The CI framework we use is called TeamCity. We use it to build packages for Deploy scollector, tsdbrelay, to directly deploy Bosun binaries and configurations into production. TeamCity calls each configuration a “build”.

  • scollector and tsdbrelay (Linux): We make RPM packages using fpm combined with this script to easily wrap binaries into RPMs. The script reads mk_rpm_fpmdir.*.txt to manufacture input to FPM.
  • scollector (Windows): A TeamCity build produces a binary and does the right thing so that it is distributed to our Windows hosts.
  • Bosun is deployed directly by TeamCity. We do this because we tend to build pretty often and use branches, so the lag of RPM would be annoying to our developers.
  • Our Bosun configuration is kept in a Git repository. TeamCity triggers on changes to this repo, runs tests, pushes the new config to production, then restarts Bosun. (Bosun currently doesn’t have live configuration reloading).

How we Backup

The are three things in and around Bosun that are Backed up:

  1. Bosun’s Configuration File
  2. Bosun’s State and Metadata Storage
  3. The Time Series Data

The configuration file is stored in Git which is backed up independently (we use Gitlab internally). We now use redis to store bosun’s state and metadata. Bosun will use ledis if no redis server is provided, but we haven’t explored how this would be backed up as it is there for small test setups. In redis we use both RDB and AOF for redis persistence:

  • RDB allows us to have snapshots of the datastore. These can be restored easily (even for local development).
  • AOF allows us persistence across restarts of redis.

Backing up the time series database, in our case OpenTSDB, is one of our pain points. HBase is designed to scale to petabytes. With that much data, a standalone full backup becomes impractical. So HBase isn’t really designed for these sort of backups (See Approaches to Backup and Disaster Recovery in Hbase. This is a shame for us, as we don’t have petabytes of data in another system standalone backups might be an option. Therefore we do the following in place of traditional standalone backups:

  1. Datapoint level replication: tsdbrelay sends all datapoints to its local and remote cluster (one in NY, one in CO). Although the two HBase clusters are not exactly consistent with each other (different IDs in the database, missing data when a datacenter is out) they are “good enough” copies of each other.
  2. Restore: Rotating hourly HBase snaphosts
  3. Backup cluster in the main datacenter: An HBase replica (This is distinct from HDFS replication - that is within a cluster, whereas HBase replication replicates to another cluster).

Without standalone full backups we are frankly a bit afraid of HBase, but we haven’t had any significant data losses since we started using it.

Possible Future Changes

Our largest pain point is using OpenTSDB and HBase.
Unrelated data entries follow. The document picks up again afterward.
Lemma lift_in_fibre c : c \in T -> lift c \in vertex_fibre G a.
Proof.
rewrite mem_T => /andP[/eqP ck' /eqP pc].
have ck : pi2 (c 0 k) = 1.
  by move/eqP/piv_eqP: pc => /(_ k); rewrite clear_coordE (negbTE k_neq) a_k.
have lift_k : lift c 0 k = c 0 k by apply: isotropic_liftE.
have lift_vertex : is_vertex G (lift c).
  rewrite /is_vertex qform_isotropic_lift ?qform_e ?bform_e ?unitZ2nE ?ck // eqxx andbT.
  by apply/existsP; exists k; rewrite lift_k unitZ2nE ?ck.
rewrite inE lift_vertex /=; apply/eqP.
have /andP[_ /eqP] := is_vertex_piv n_gt0 lift_vertex.
have /andP[_ /eqP] := is_vertex_piv n_gt0 a_vertex.
rewrite map_pi2_Gmat => qa qlift.
(* The k'-coordinate mod 2 is forced by the same argument over Z_2. *)
apply: (isotropic_eq_clear k_neq (qform_e (1 : 'Z_2)) (bform_e (1 : 'Z_2)) qlift qa).
- by rewrite mxE lift_k unitZ2E ck.
- by rewrite mxE unitZ2E a_k.
- by rewrite -!piv_clear_coord clear_isotropic_lift.
Qed.

Lemma clear_in_T b : b \in vertex_fibre G a -> clear_coord k' b \in T.
Proof.
rewrite inE mem_T clear_coordE eqxx /= => /andP[_ /eqP pba].
by rewrite !piv_clear_coord pba.
Qed.

Lemma card_vertex_fibre_at : #|vertex_fibre G a| = ((2 ^ (n - 1)) ^ (N - 1))%N.
Proof.
have -> : vertex_fibre G a = lift @: T.
  apply/setP => b; apply/idP/imsetP => [Sb|[c /lift_in_fibre Sc ->] //].
  exists (clear_coord k' b); first exact: clear_in_T.
  move: Sb; rewrite inE => /andP[/andP[_ /eqP qb] /piv_eqP/(_ k)].
  by rewrite a_k => bk; rewrite isotropic_lift_clear ?qform_e ?bform_e ?unitZ2nE ?bk.
rewrite card_in_imset ?card_T // => c1 c2.
rewrite !mem_T => /andP[/eqP c1k' _] /andP[/eqP c2k' _] eq12.
by rewrite -(clear_isotropic_lift G k c1k') eq12 clear_isotropic_lift.
Qed.

End Lift.

Lemma card_vertex_fibre a : is_vertex G a -> #|vertex_fibre G a| = ((2 ^ (n - 1)) ^ (N - 1))%N.
Proof.
move=> a_vertex; have := is_vertex_piv n_gt0 a_vertex; rewrite map_pi2_Gmat.
case/(Gmat_Z2_vertex_coord delta_le2) => i; rewrite mxE => a_i.
have i_lt : (lshift delta i < 2 * nu)%N by rewrite /= ltn_ord.
by apply: (card_vertex_fibre_at a_vertex (partner_lt i_lt)); rewrite partnerK.
Qed.

Lemma card_vertex_classes_piv a : (0 < nu)%N -> is_vertex G a ->
  #|[set C in vertices G | [exists b, (C == cls b) && (cls (piv b) == cls (piv a))]]|
  = (2 ^ ((n - 1) * (N - 2)))%N.
Proof.
move=> nu_gt0 a_vertex; rewrite vertex_classes_piv.
have fibre_prim : {in vertex_fibre G a, forall b, primitive b}.
  by move=> b; rewrite inE => /andP[/andP[]].
have fibre_scale : {in vertex_fibre G a, forall b l, l \is a GRing.unit -> l *: b \in vertex_fibre G a}.
  by move=> b /[!inE] /andP[vb pba] l ul; rewrite inE pivZ // pba (is_vertexZ ul vb).
have := card_cls_partition fibre_prim fibre_scale.
rewrite card_vertex_fibre // card_units_Z2n // expnM (_ : N - 1 = (N - 2).+1)%N; last by lia.
by rewrite expnSr => /eqP; rewrite eqn_pmul2r ?expn_gt0 // => /eqP.
Qed.

End GmatVertexFibre.

Theorem lemma2p2 (n nu delta : nat) (z : 'Z_(2 ^ n)) :
  (1 <= n)%N -> (1 <= nu)%N -> (delta <= 2)%N -> z \is a GRing.unit ->
  let G := Gmat nu delta z in
  let G2 := map_mx (@pi2 n) G in
  (* (1) *)
  (forall a : 'rV['Z_(2 ^ n)]_(2 * nu + delta),
     is_vertex G a ->
     #|[set C in vertices G |
          [exists b, (C == cls b) && (cls (piv b) == cls (piv a))]]|
       = (2 ^ ((n - 1) * (2 * nu + delta - 2)))%N) /\
  (* (2) *)
  (forall a b : 'rV['Z_(2 ^ n)]_(2 * nu + delta),
     is_vertex G a -> is_vertex G b ->
     (adj_vertices G a b <-> adj_vertices G2 (piv a) (piv b))) /\
  (* (3) *)
  (forall a b : 'rV['Z_(2 ^ n)]_(2 * nu + delta),
     adj_vertices G2 (piv a) (piv b) ->
     forall m1 m2 : 'rV['Z_(2 ^ n)]_(2 * nu + delta),
       (exists c, m1 = 2%:R *: c) -> (exists c, m2 = 2%:R *: c) ->
       qform G (a + m1) = 0 -> qform G (b + m2) = 0 ->
       adj_vertices G (a + m1) (b + m2)).
Proof.
move=> n_gt0 nu_gt0 delta_le2 z_unit G G2; split; [|split].
- by move=> a; apply: card_vertex_classes_piv.
- by move=> a b va vb; rewrite adj_vertices_piv.
- by move=> a b adj2 _ _ [c1 ->] [c2 ->]; apply: adj_vertices_add2Z.
Qed.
Since we don’t use HBase anywhere else, the administrative overhead eats up a lot of time. Also, OpenTSDB has had some long standing issues that have been difficult, for example counters don’t downsample correctly and our data is in counter format when possible so we don’t lose resolution. That being said we still feel for us it is currently our best option. We will be expanding our two main clusters with two more nodes each (running tsdbrelay, opentsdb, and region servers) to increase space.

We are very interested in InfluxDB. It is written in Go which we are familiar with and has a rapid devlopment cycle. Bosun has it as a backend, and scollector can send to it since it has a OpenTSDB api style endpoint. However, we are waiting for InfluxBD to have a more stable clustering story before we could consider switching to it in production.